July 30, 2006 at 06:28 PM · It's really best not to put anything on the violin at all if possible. Polishes commonly contain all sorts of things which can cause problems, and oils of any kind can get into the wood and cause problems for later regluing of cracks you didn't notice. Yes if you've got a brand new instrument with a bowling-ball finish you may not do any harm which a luthier can't easily fix, but why pit your judgment against the better luthiers who commonly say 'nothing is best'?

July 31, 2006 at 06:45 AM · Bowling ball. Nice.

July 31, 2006 at 02:57 PM · I don't know about you all, but when my pegs stick I just loosen them and rub the tip of a pencil around where they sit in the hole. The graphite makes them a little more slick, but not so slick that they're unmanageable.

August 2, 2006 at 05:31 PM · I agree with Andres Sender that it's best not to put anything on the instrument.

Regarding some of the other things that have come up:

There's a high probability that alcohol will damage ANY varnish, oil or spirit. If you MUST use it to clean strings, I like the advice given about holding the instrument upside down so nothing can possibly drip on the varnish.

And be very careful what you do with that cloth or "wipe" after cleaning. I once worked on a Strad with an area of varnish missing on the back from having set the instrument down on the alcohol rag.

Peg dope? I'm not fond of anything containing abrasives, and that would include pencil lead.

Abrasives lead to accelerated wear.

I use ivory soap and rosin; soap to increase turning ease, rosin to decrease.

Regarding the angle of the bridge, there is no uniform specification. Have a luthier position it properly and give you the measurement between bridge and fingerboard. Use this measurement down the road to determine if it's "straight".

If you possibly can, control the humidity in your instrument's environment.

Hope that helps.

David Burgess

August 5, 2006 at 03:00 AM · I've never used any stuff on my pegs - if they're slipping, I rewind the strings to fit snugly against the side of the peg box. If they're sticking, I rewind the strings so that they're not so snug against the side. Works for my instrument.

Be careful with polish - I used some Shar polish on my viola and some of the color started to come off!

August 5, 2006 at 03:53 AM · Are q-tips any good for cleaning, or are they too harsh?

August 5, 2006 at 04:07 AM · I just take mine into the shower with me...

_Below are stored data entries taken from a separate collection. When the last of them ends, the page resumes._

(* Let $n\ge2$, $\omega\in\mathbb{R}^n$, $k\in\mathbb{R}_{>0}^n$ satisfy (IC1) $\sum_\mu\omega_\mu=0$, (IC2) $\omega\ne0$, (IC3) $\left|\frac{\omega_1}{k_1}\right|\le\cdots\le\left|\frac{\omega_n}{k_n}\right|$. Define $$g(R)=\prod_{\sigma\in\{-1,+1\}^n}\left(-R+\frac1n\sum_{\mu=1}^n\sigma_\mu\sqrt{k_\mu^2R-\omega_\mu^2}\right).$$ Then $g$ is a polynomial in $R$ of degree $2^n$, and there exists a polynomial $h(R)$ of degree $2^n-2$ with $g(R)=R^2\,h(R)$.
   Context: Here $R$ may be complex; for each $\mu$ any fixed choice of square root of $k_\mu^2R-\omega_\mu^2$ may be used, since the product runs over all sign choices and is therefore independent of the choice of branches. *)

From HB Require Import structures.
From mathcomp Require Import all_boot all_order all_algebra.
From mathcomp Require Import complex.
Set Implicit Arguments. Unset Strict Implicit. Unset Printing Implicit Defensive.
Import Order.TTheory GRing.Theory Num.Theory.
Local Open Scope ring_scope.

(* g(R) = prod_{sigma in {-1,+1}^n} ( -R + 1/n sum_mu sigma_mu s_mu ),
   where s_mu is a chosen square root of k_mu^2 R - w_mu^2.
   sigma is encoded as a boolean function: sigma_mu = (-1)^(sg mu). *)
Definition gprod (F : rcfType) (n : nat) (s : 'I_n -> F[i]) (x : F[i]) : F[i] :=
  \prod_(sg : {ffun 'I_n -> bool})
     (- x + (n%:R)^-1 * \sum_(mu < n) (-1) ^+ (sg mu) * s mu).

From HB Require Import structures.
From mathcomp Require Import all_boot all_order all_algebra.
From mathcomp Require Import complex qfpoly ring zify.
Set Implicit Arguments. Unset Strict Implicit. Unset Printing Implicit Defensive.
Import Order.TTheory GRing.Theory Num.Theory.
Local Open Scope ring_scope.

(* Square roots are eliminated one at a time: if P(Y + s) = E(Y) + s O(Y),
   then P(Y + s) P(Y - s) = E(Y)^2 - s^2 O(Y)^2 only involves s^2, a polynomial
   in R.  This yields a polynomial in R and Y, evaluated at Y = -R.  Giving R
   weight 2 and Y weight 1, each elimination squares the top weight term, so
   the top weight part is Y^(2^n) and g has degree 2^n with leading
   coefficient 1.
   For the factor R^2, evaluate at R = eps^2 with eps^4 = 0, taking
   s_mu = i w_mu + O(eps^2) when w_mu <> 0 and s_mu = k_mu eps otherwise.
   For the sign vectors that are constant on the support of w the constant
   terms add up to +-i sum w = 0, so the corresponding factors are multiples
   of eps; there are at least four of them, or two multiples of eps^2 when w
   has full support.  Hence g(eps^2) = g_0 + g_1 eps^2 vanishes. *)

Section SignedNorm.
Variable R : comNzRingType.

Definition signed_norm n (s : 'I_n -> R) (y : R) : R :=
  \prod_(sg : {ffun 'I_n -> bool}) (y + \sum_(mu < n) (-1) ^+ sg mu * s mu).

Lemma signed_norm0 (s : 'I_0 -> R) y : signed_norm s y = y.
Proof.
rewrite /signed_norm; under eq_bigr do rewrite big_ord0 addr0.
by rewrite prodr_const card_ffun !card_ord expr1.
Qed.

Lemma signed_normS n (s : 'I_n.+1 -> R) y :
  signed_norm s y = signed_norm (s \o lift ord0) (y + s ord0) *
                    signed_norm (s \o lift ord0) (y - s ord0).
Proof.
pose cons_sg (p : bool * {ffun 'I_n -> bool}) : {ffun 'I_n.+1 -> bool} :=
  [ffun i => if unlift ord0 i is Some j then p.2 j else p.1].
pose uncons_sg (sg : {ffun 'I_n.+1 -> bool}) := (sg ord0, [ffun j => sg (lift ord0 j)]).
have cons_sgK : cancel cons_sg uncons_sg.
  case=> b sg; rewrite /uncons_sg ffunE unlift_none; congr pair.
  by apply/ffunP=> j; rewrite !ffunE liftK.
have uncons_sgK : cancel uncons_sg cons_sg.
  by move=> sg; apply/ffunP=> i; rewrite !ffunE; case: unliftP => [j ->|->]; rewrite ?ffunE.
rewrite /signed_norm (reindex cons_sg) /=; last by apply: onW_bij; exists uncons_sg.
rewrite -(pair_big xpredT xpredT
  (fun b sg => y + \sum_(mu < n.+1) (-1) ^+ cons_sg (b, sg) mu * s mu)).
rewrite big_bool mulrC /=; congr (_ * _); apply: eq_bigr => sg _;
  rewrite big_ord_recl !ffunE unlift_none addrA /= ?expr0 ?expr1 ?mul1r ?mulN1r;
  by congr (_ + _); apply: eq_bigr => mu _; rewrite ffunE liftK.
Qed.

Lemma sum_sign_const_support n (sg : {ffun 'I_n -> bool}) b (a : 'I_n -> R) :
  (forall mu, a mu != 0 -> sg mu = b) -> \sum_(mu < n) a mu = 0 ->
  \sum_(mu < n) (-1) ^+ sg mu * a mu = 0.
Proof.
move=> sg_const a_sum0; transitivity ((-1) ^+ b * \sum_(mu < n) a mu); last first.
  by rewrite a_sum0 mulr0.
rewrite mulr_sumr; apply: eq_bigr => mu _.
by have [->|/sg_const ->] := eqVneq (a mu) 0; rewrite ?mulr0.
Qed.

Lemma prodr_eq0_nilpotent (I J : finType) (f : J -> I) (F : I -> R) (G : J -> R) d m :
  injective f -> d ^+ (m * #|J|) = 0 -> (forall j, F (f j) = d ^+ m * G j) ->
  \prod_i F i = 0.
Proof.
move=> f_inj dN0 FfE; rewrite (bigID (mem (f @: setT))) /= big_imset; last first.
  by move=> ? ? _ _; apply: f_inj.
under eq_bigr do rewrite FfE.
by rewrite big_split /= prodr_const -exprM cardsT dN0 !mul0r.
Qed.

Lemma signed_norm_nilpotent n (d y : R) (a b c : 'I_n -> R) :
  d ^+ 4 = 0 -> \sum_(mu < n) a mu = 0 -> (exists nu, a nu != 0) ->
  (forall mu, a mu != 0 -> b mu = 0) ->
  signed_norm (fun mu => a mu + b mu * d + c mu * d ^+ 2) (y * d ^+ 2) = 0.
Proof.
move=> d4 a_sum0 [nu a_nu] a_b.
have split_sum sg : \sum_(mu < n) (-1) ^+ sg mu * (a mu + b mu * d + c mu * d ^+ 2) =
    \sum_(mu < n) (-1) ^+ sg mu * a mu + (\sum_(mu < n) (-1) ^+ sg mu * b mu) * d +
    (\sum_(mu < n) (-1) ^+ sg mu * c mu) * d ^+ 2.
  by rewrite !mulr_suml -!big_split; apply: eq_bigr => mu _ /=; ring.
rewrite /signed_norm; case: (pickP (fun mu => a mu == 0)) => [mu0 /eqP a_mu0|a_full].
- pose f (p : bool * bool) : {ffun 'I_n -> bool} := [ffun mu => if a mu == 0 then p.1 else p.2].
  apply: (@prodr_eq0_nilpotent _ _ f _ (fun p => y * d + \sum_(mu < n) (-1) ^+ f p mu * b mu +
    (\sum_(mu < n) (-1) ^+ f p mu * c mu) * d) d 1).
  + move=> [b1 b2] [b1' b2'] /ffunP eq_f.
    by move: (eq_f mu0) (eq_f nu); rewrite !ffunE a_mu0 eqxx (negbTE a_nu) /= => -> ->.
  + by rewrite card_prod card_bool d4.
  move=> p; rewrite split_sum (sum_sign_const_support (b := p.2)) //; last first.
    by move=> mu /negbTE a_mu; rewrite ffunE a_mu.
  by rewrite expr1; ring.
- pose f (b0 : bool) : {ffun 'I_n -> bool} := [ffun => b0].
  apply: (@prodr_eq0_nilpotent _ _ f _
    (fun b0 => y + \sum_(mu < n) (-1) ^+ f b0 mu * c mu) d 2).
  + by move=> b1 b2 /ffunP /(_ nu); rewrite !ffunE.
  + by rewrite card_bool d4.
  move=> b0; rewrite split_sum (sum_sign_const_support (b := b0)) //; last first.
    by move=> mu _; rewrite ffunE.
  rewrite big1 => [|mu _]; first by ring.
  by rewrite a_b ?mulr0 // a_full.
Qed.
End SignedNorm.

Section Elimination.
Variable A : comNzRingType.
Local Notation C := {poly {poly A}}.

Definition shift_split_step (t c : {poly A}) (EO : C * C) : C * C :=
  (EO.1 * 'X + t%:P * EO.2 + c%:P, EO.1 + EO.2 * 'X).

Definition shift_split (t : {poly A}) (l : seq {poly A}) : C * C :=
  foldr (shift_split_step t) (0, 0) l.

Definition norm_step (t : {poly A}) (P : C) : C :=
  (shift_split t P).1 ^+ 2 - t%:P * (shift_split t P).2 ^+ 2.

Fixpoint elim_poly n : ('I_n -> {poly A}) -> C :=
  if n is n'.+1 then fun t => norm_step (t ord0) (elim_poly (t \o lift ord0))
  else fun=> 'X.

Lemma shift_splitP (B : comNzRingType) (e : {rmorphism {poly A} -> B}) t (s y : B) l :
  s ^+ 2 = e t ->
  (map_poly e (shift_split t l).1).[y] + s * (map_poly e (shift_split t l).2).[y] =
  (map_poly e (Poly l)).[y + s].
Proof.
move=> sqr_s; elim: l => [|c l IHl] /=; first by rewrite !rmorph0 !horner0 mulr0 addr0.
rewrite cons_poly_def !(rmorphD, rmorphM) /= !map_polyX !map_polyC /=.
by rewrite !(hornerD, hornerM, hornerX, hornerC) -IHl -sqr_s; ring.
Qed.

Lemma elim_polyP n (t : 'I_n -> {poly A}) (B : comNzRingType)
    (e : {rmorphism {poly A} -> B}) (s : 'I_n -> B) (y : B) :
  (forall mu, s mu ^+ 2 = e (t mu)) -> signed_norm s y = (map_poly e (elim_poly t)).[y].
Proof.
elim: n t s y => [|n IHn] t s y sqr_s /=; first by rewrite signed_norm0 map_polyX hornerX.
have sqr_s' mu : (s \o lift ord0) mu ^+ 2 = e ((t \o lift ord0) mu) := sqr_s _.
rewrite signed_normS !(IHn _ _ _ sqr_s').
set P := elim_poly _.
have sqr_s0 : (- s ord0) ^+ 2 = e (t ord0) by rewrite sqrrN sqr_s.
have splitP := shift_splitP y P (sqr_s ord0).
have splitN := shift_splitP y P sqr_s0.
rewrite polyseqK in splitP splitN.
rewrite -splitP -splitN /norm_step !(rmorphB, rmorphM, rmorphXn) /= map_polyC /=.
by rewrite !(hornerD, hornerN, hornerM, hornerXn, hornerC) -(sqr_s ord0); ring.
Qed.

Definition wdeg_lt (D : nat) (Q : C) := forall i j, Q`_j`_i != 0 -> (2 * i + j < D)%N.

Lemma wdeg_ltW D D' Q : (D <= D')%N -> wdeg_lt D Q -> wdeg_lt D' Q.
Proof. by move=> leDD' QD i j /QD; lia. Qed.

Lemma wdeg_lt_coef D Q j : wdeg_lt D Q -> (D <= j)%N -> Q`_j = 0.
Proof.
by move=> QD leDj; apply/polyP=> i; rewrite coef0; apply/eqP; apply: contraTT leDj => /QD; lia.
Qed.

Lemma wdeg_lt0 D : wdeg_lt D 0.
Proof. by move=> i j; rewrite !coef0 eqxx. Qed.

Lemma wdeg_ltD D P Q : wdeg_lt D P -> wdeg_lt D Q -> wdeg_lt D (P + Q).
Proof.
move=> PD QD i j; rewrite !coefD; have [P0|/PD //] := eqVneq P`_j`_i 0.
by rewrite P0 add0r => /QD.
Qed.

Lemma wdeg_ltB D P Q : wdeg_lt D P -> wdeg_lt D Q -> wdeg_lt D (P - Q).
Proof. by move=> PD QD; apply: wdeg_ltD => // i j; rewrite !coefN oppr_eq0 => /QD. Qed.

Lemma wdeg_lt0_eq0 Q : wdeg_lt 0 Q -> Q = 0.
Proof. by move=> Q0; apply/polyP=> j; rewrite coef0 (wdeg_lt_coef Q0). Qed.

Lemma wdeg_ltM a b N P Q :
  wdeg_lt a P -> wdeg_lt b Q -> ((0 < a)%N -> (0 < b)%N -> (a + b <= N.+1)%N) ->
  wdeg_lt N (P * Q).
Proof.
move=> Pa Qb leN i j; apply: contraNT => ge_ij; apply/eqP.
rewrite coefM coef_sum big1 // => j1 _.
rewrite coefM big1 // => i1 _.
have [->|/Pa Pj1i1] := eqVneq P`_j1`_i1 0; first by rewrite mul0r.
have [->|/Qb Qj1i1] := eqVneq Q`_(j - j1)`_(i - i1) 0; first by rewrite mulr0.
have := leN (leq_ltn_trans (leq0n _) Pj1i1) (leq_ltn_trans (leq0n _) Qj1i1).
have := ltn_ord j1; have := ltn_ord i1; lia.
Qed.

Lemma wdeg_ltC D (c : {poly A}) : (forall i, c`_i != 0 -> (2 * i < D)%N) -> wdeg_lt D c%:P.
Proof. by move=> cD i [|j]; rewrite coefC //= ?coef0 ?eqxx // addn0 => /cD. Qed.

Lemma wdeg_ltX : wdeg_lt 2 'X.
Proof.
move=> i [|[|j]]; rewrite coefX /= ?coef0 ?eqxx //.
by rewrite coefMn coef1; case: i => [|i]; rewrite /= ?mul0rn ?eqxx.
Qed.

Lemma wdeg_lt_radicand (t : {poly A}) : (size t <= 2)%N -> wdeg_lt 3 t%:P.
Proof.
move=> st; apply: wdeg_ltC => i; apply: contraNT; rewrite -leqNgt => le_i.
by rewrite nth_default //; apply: leq_trans st _; lia.
Qed.

Lemma coefM_wdeg_top a b P Q :
  wdeg_lt a.+1 P -> wdeg_lt b.+1 Q -> (P * Q)`_(a + b) = P`_a * Q`_b.
Proof.
move=> Pa Qb; have lt_a_ab : (a < (a + b).+1)%N by rewrite ltnS leq_addr.
rewrite coefM (bigD1 (Ordinal lt_a_ab)) //= big1 ?addr0 ?addKn // => j1 ne_j1.
have [lt_j1a|le_aj1] := ltnP j1 a; first by rewrite (wdeg_lt_coef Qb) ?mulr0 //; lia.
rewrite (wdeg_lt_coef Pa) ?mul0r //.
by move: ne_j1 le_aj1; rewrite -val_eqE /=; lia.
Qed.

Lemma shift_split_wdeg (t : {poly A}) l D : (size t <= 2)%N -> wdeg_lt D (Poly l) ->
  [/\ wdeg_lt D (shift_split t l).1, wdeg_lt D.-1 (shift_split t l).2
    & (shift_split t l).1`_D.-1 = (Poly l)`_D.-1].
Proof.
move=> st; elim: l D => [|c l IHl] D /=.
  by rewrite coef0; split=> //; apply: wdeg_lt0.
rewrite cons_poly_def => lcD.
have lD : wdeg_lt D.-1 (Poly l).
  by move=> i j lji; have := lcD i j.+1; rewrite coefD coefMX coefC /= addr0 => /(_ lji); lia.
have cD i : c`_i != 0 -> (2 * i < D)%N.
  by move=> ci; have := lcD i 0; rewrite coefD coefMX coefC /= add0r => /(_ ci); lia.
case: D lcD lD cD => [|D] lcD lD cD; have [ED OD topE] := IHl _ lD.
  have c0 : c = 0 by apply/polyP=> i; rewrite coef0; apply/eqP; apply: contraT => /cD.
  rewrite (wdeg_lt0_eq0 ED) (wdeg_lt0_eq0 OD) c0 !(mul0r, mulr0, add0r, addr0).
  by split; [apply: wdeg_lt0|apply: wdeg_lt0|rewrite coef0 coefMX].
split.
- apply: wdeg_ltD; [apply: wdeg_ltD|exact: wdeg_ltC].
  + by apply: wdeg_ltM ED wdeg_ltX _; lia.
  + by apply: wdeg_ltM (wdeg_lt_radicand st) OD _; lia.
- by apply: wdeg_ltD; [exact: wdeg_ltW ED|apply: wdeg_ltM OD wdeg_ltX _; lia].
- rewrite !coefD coefMX coefCM coefC (wdeg_lt_coef OD) ?mulr0 ?addr0; last by lia.
  by rewrite coefMX; case: D {lcD lD cD ED OD} topE => [|D] //= ->.
Qed.

Lemma norm_step_wdeg (t : {poly A}) P D : (size t <= 2)%N ->
  wdeg_lt D.+1 P -> P`_D = 1 ->
  wdeg_lt (D + D).+1 (norm_step t P) /\ (norm_step t P)`_(D + D) = 1.
Proof.
move=> st PD topP; rewrite -[P]polyseqK in PD topP.
have [ED OD topE] := shift_split_wdeg st PD; rewrite topP in topE.
have O2D : wdeg_lt (D + D).-1 ((shift_split t P).2 ^+ 2).
  by rewrite expr2; apply: (wdeg_ltM OD OD); lia.
split.
  apply: wdeg_ltB; first by rewrite expr2; apply: (wdeg_ltM ED ED); lia.
  by apply: wdeg_ltM (wdeg_lt_radicand st) O2D _; lia.
rewrite coefB coefCM (wdeg_lt_coef O2D) ?mulr0 ?subr0; last by lia.
by rewrite expr2 (coefM_wdeg_top ED ED) topE mulr1.
Qed.

Lemma elim_poly_wdeg n (t : 'I_n -> {poly A}) : (forall mu, size (t mu) <= 2)%N ->
  wdeg_lt (2 ^ n).+1 (elim_poly t) /\ (elim_poly t)`_(2 ^ n) = 1.
Proof.
elim: n t => [|n IHn] t st /=; first by split; [exact: wdeg_ltX|rewrite coefX].
have [PD topP] := IHn (t \o lift ord0) (fun mu => st _).
by rewrite expnS mul2n -addnn; apply: norm_step_wdeg.
Qed.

August 5, 2006 at 04:43 AM · I clean my strings with alchohol pads that you use for cleaning your skin before an injection. I just put a cloth between my strings and the violin as it drys, even though there isn't enough alchohol on these pads to drip on the violin. I do this once or twice a week- you can tell when your sound is affected by rosin build-up.

Do not wipe your strings off with the cloth you use to clean your violin. This puts the grease and such you just cleaned off your violin onto your strings.

Do not put a knife in your violin to check the seams. If you hear a buzzing or suspect one is open you can usually just look at it. If you can't see an opening you should tap the violin at the edge along the top and the bottom. If it is open you'll hear a "clunk" when you tap that particular spot. Bring it to a luthier if your seam is open.

If I think my violin has a crack I just take it to my luthier. He usually puts a tiny drop of water on the suspected crack and can tell from some refraction or something if it's open, assuming it's not visibly open.

I prefer to jump in a pool with my violin as opposed to taking it in the shower. The chlorine really helps.